ART has become an effective and well accepted treatment for subfertile couples. Although they are widely practiced all over world, debate still persists regarding their efficacy, cost-effectiveness, risk factors and side effects.

Introduction

ART has become an effective and well accepted treatment for subfertile couples. Although they are widely practiced all over world, debate still persists regarding their efficacy, cost-effectiveness, risk factors and side effects. Despite its established efficacy, much attention has not been paid to its adverse effects and/or complications. Just like other medical specialties', ART is also associated with complications.

These complications may be related to

  • Ovarian stimulation e.g. Ovarian Hyperstimulation Syndrome (OHSS)
  • Oocyte retrieval e.g. trauma to pelvic structures, vaginal & pelvic haemorrhage, pelvic infections, anesthesia related complications.
  • Embryo transfer e.g. bleeding, rejection of embryos.
  • Pregnancy after ART e.g. multiple pregnancy, abortion, ectopic pregnancy, heterotopic pregnancy.
  • Offsprings born by ART e.g. chromosomal abnormalities leading to recurrent miscarriage, preterm delivery and low birth-weight, congenital anomalies.

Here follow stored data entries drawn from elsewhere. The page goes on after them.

(* Let $A\in\mathbb{R}^{l_1\times n}$, let $x^{(2)}_1,\dots,x^{(2)}_{l_2}\in\mathbb{R}^n$ and $x^{(3)}_1,\dots,x^{(3)}_{l_3}\in\mathbb{R}^n$, let $0<\epsilon<1$, $\delta>0$, $A^{*}=(A^TA+\delta I)^{-1}$, and for $p\ge 1$ let $e_p\in\mathbb{R}^p$ be the all-ones vector. For $\lambda>0$ and multipliers $(\alpha_0,\alpha,\beta)\in\mathbb{R}\times[0,1]^{l_2}\times[0,1]^{l_3}$ put $$w_1=-\frac{1}{\lambda}A^{*}\Big(\alpha_0A^Te_{l_1}+\sum_{i=1}^{l_2}\alpha_i x^{(2)}_i+\sum_{k=1}^{l_3}\beta_k x^{(3)}_k\Big),\qquad b_1=\frac{\alpha_0}{\lambda},\qquad f_1(x)=x^Tw_1+b_1 .$$ Let $\lambda\mapsto(\alpha_0(\lambda),\alpha(\lambda),\beta(\lambda))$ be a solution path of the first QPP, i.e. for every $\lambda>0$ it satisfies, with $w_1,b_1,f_1$ built from $(\lambda,\alpha_0(\lambda),\alpha(\lambda),\beta(\lambda))$: (a) $\alpha_i(\lambda)=1$ if $-f_1(x^{(2)}_i)<1$, $\alpha_i(\lambda)=0$ if $-f_1(x^{(2)}_i)>1$, $\alpha_i(\lambda)\in[0,1]$ if $-f_1(x^{(2)}_i)=1$; (b) $\beta_k(\lambda)=1$ if $-f_1(x^{(3)}_k)<1-\epsilon$, $\beta_k(\lambda)=0$ if $-f_1(x^{(3)}_k)>1-\epsilon$, $\beta_k(\lambda)\in[0,1]$ if $-f_1(x^{(3)}_k)=1-\epsilon$; (c) $(l_1-e_{l_1}^TAA^{*}A^Te_{l_1})\alpha_0+\sum_{i=1}^{l_2}(1-e_{l_1}^TAA^{*}x^{(2)}_i)\alpha_i+\sum_{k=1}^{l_3}(1-e_{l_1}^TAA^{*}x^{(3)}_k)\beta_k=0$. Let $\lambda^{l}>\lambda^{l+1}>0$ be such that the index sets $\mathcal{E}_B(\lambda)=\{i:-f_1(x^{(2)}_i)=1\}$, $\mathcal{L}_B(\lambda)=\{i:-f_1(x^{(2)}_i)<1\}$, $\mathcal{R}_B(\lambda)=\{i:-f_1(x^{(2)}_i)>1\}$, $\mathcal{E}_C(\lambda)=\{k:-f_1(x^{(3)}_k)=1-\epsilon\}$, $\mathcal{L}_C(\lambda)=\{k:-f_1(x^{(3)}_k)<1-\epsilon\}$, $\mathcal{R}_C(\lambda)=\{k:-f_1(x^{(3)}_k)>1-\epsilon\}$ are constant for $\lambda\in(\lambda^{l+1},\lambda^{l}]$; denote them $\mathcal{E}^{1,l}_B,\mathcal{L}^{1,l}_B,\mathcal{R}^{1,l}_B,\mathcal{E}^{1,l}_C,\mathcal{L}^{1,l}_C,\mathcal{R}^{1,l}_C$, and denote by $\alpha_0^l,\alpha_i^l,\beta_k^l,w_1^l,f_1^l$ the values at $\lambda=\lambda^l$. Let $m_1=|\mathcal{E}^{1,l}_B|$, $m_2=|\mathcal{E}^{1,l}_C|$, let $X_B\in\mathbb{R}^{m_1\times n}$ (resp. $X_C\in\mathbb{R}^{m_2\times n}$) have rows $(x^{(2)}_i)^T$, $i\in\mathcal{E}^{1,l}_B$ (resp. $(x^{(3)}_k)^T$, $k\in\mathcal{E}^{1,l}_C$), and define $$\bar A^l=\begin{pmatrix} l_1-e_{l_1}^TAA^{*}A^Te_{l_1} & e_{m_1}^T-e_{l_1}^TAA^{*}X_B^T & e_{m_2}^T-e_{l_1}^TAA^{*}X_C^T\\ -e_{m_1}+X_BA^{*}A^Te_{l_1} & X_BA^{*}X_B^T & X_BA^{*}X_C^T\\ -e_{m_2}+X_CA^{*}A^Te_{l_1} & X_CA^{*}X_B^T & X_CA^{*}X_C^T\end{pmatrix},\qquad \bar b=\begin{pmatrix}0\\ e_{m_1}\\ (1-\epsilon)e_{m_2}\end{pmatrix}.$$ Assume $\bar A^l$ is invertible and write $(\bar A^l)^{-1}\bar b=(\vartheta_0^l,(\vartheta_i^l)_{i\in\mathcal{E}^{1,l}_B},(\nu_k^l)_{k\in\mathcal{E}^{1,l}_C})$ (entries in the order of the rows of $X_B$, $X_C$). Then for every $\lambda$ with $\lambda^{l}>\lambda>\lambda^{l+1}$: $\alpha_0(\lambda)=\alpha_0^l-(\lambda^l-\lambda)\vartheta_0^l$; $\alpha_i(\lambda)=\alpha_i^l-(\lambda^l-\lambda)\vartheta_i^l$ for $i\in\mathcal{E}^{1,l}_B$; $\beta_k(\lambda)=\beta_k^l-(\lambda^l-\lambda)\nu_k^l$ for $k\in\mathcal{E}^{1,l}_C$; so these are piecewise linear in $\lambda$. Moreover $$w_1=\frac{\lambda^l}{\lambda}(w_1^l+h_1^l)-h_1^l,\qquad f_1(x)=\frac{\lambda^l}{\lambda}\big(f_1^l(x)-h_2^l(x)\big)+h_2^l(x),$$ so $w_1$ and $f_1$ are piecewise linear in $1/\lambda$, where $h_1^l=A^{*}\big(\vartheta_0^lA^Te_{l_1}+\sum_{i\in\mathcal{E}^{1,l}_B}\vartheta_i^lx^{(2)}_i+\sum_{k\in\mathcal{E}^{1,l}_C}\nu_k^lx^{(3)}_k\big)$ and $h_2^l(x)=\vartheta_0^l-x^Th_1^l$.
   Context: This concerns the first of the two quadratic programs of the twin multi-class support vector machine: given class-$+1$ samples (rows of $A$), class-$-1$ samples $x^{(2)}_i$ and remaining samples $x^{(3)}_k$, solve $\min_{w_1,b_1,\xi,\eta}\ \frac{\lambda}{2}\|Aw_1+b_1e_{l_1}\|^2+\sum_i\xi_i+\sum_k\eta_k$ subject to $-(w_1^Tx^{(2)}_i+b_1)+\xi_i\ge 1$, $-(w_1^Tx^{(3)}_k+b_1)+\eta_k\ge 1-\epsilon$, $\xi,\eta\ge 0$, where $\lambda=1/c_1$ is the regularization parameter; $\alpha_i,\beta_k$ are the Lagrange multipliers of the two families of inequality constraints and $\alpha_0=\lambda b_1$. Following the paper, the hyperplane is expressed in terms of the multipliers by the displayed formula for $w_1$ with the regularized inverse $A^{*}$, conditions (a)–(b) are the KKT complementarity relations and (c) is the stationarity condition in $b_1$ combined with that expression for $w_1$. The values $\lambda^l$ are consecutive breakpoints (''events'') of the path, i.e. values at which one of the index sets changes. *)

From HB Require Import structures.
From mathcomp Require Import all_boot all_order all_algebra.
Set Implicit Arguments. Unset Strict Implicit. Unset Printing Implicit Defensive.
Import Order.TTheory GRing.Theory Num.Theory.
Local Open Scope ring_scope.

Factors responsible for complications are

  • Couples who require ART are of older age group which increases the chances of genetic problems in offsprings as well as pregnancy complications.
  • It is not clearly known if drugs used in ART may have any adverse effects on growing embryos.
  • Human manipulation of sperm and eggs, in-vitro culture, cryopreservation and embryo-transfer may affect developmental outcomes by modifying natural processes.
  • More than 50% of IVF births are from multiple gestation, resulting in a large negative impact in developmental outcomes.

Case Report

Here, we report an interesting case in which we encountered complications post-ART.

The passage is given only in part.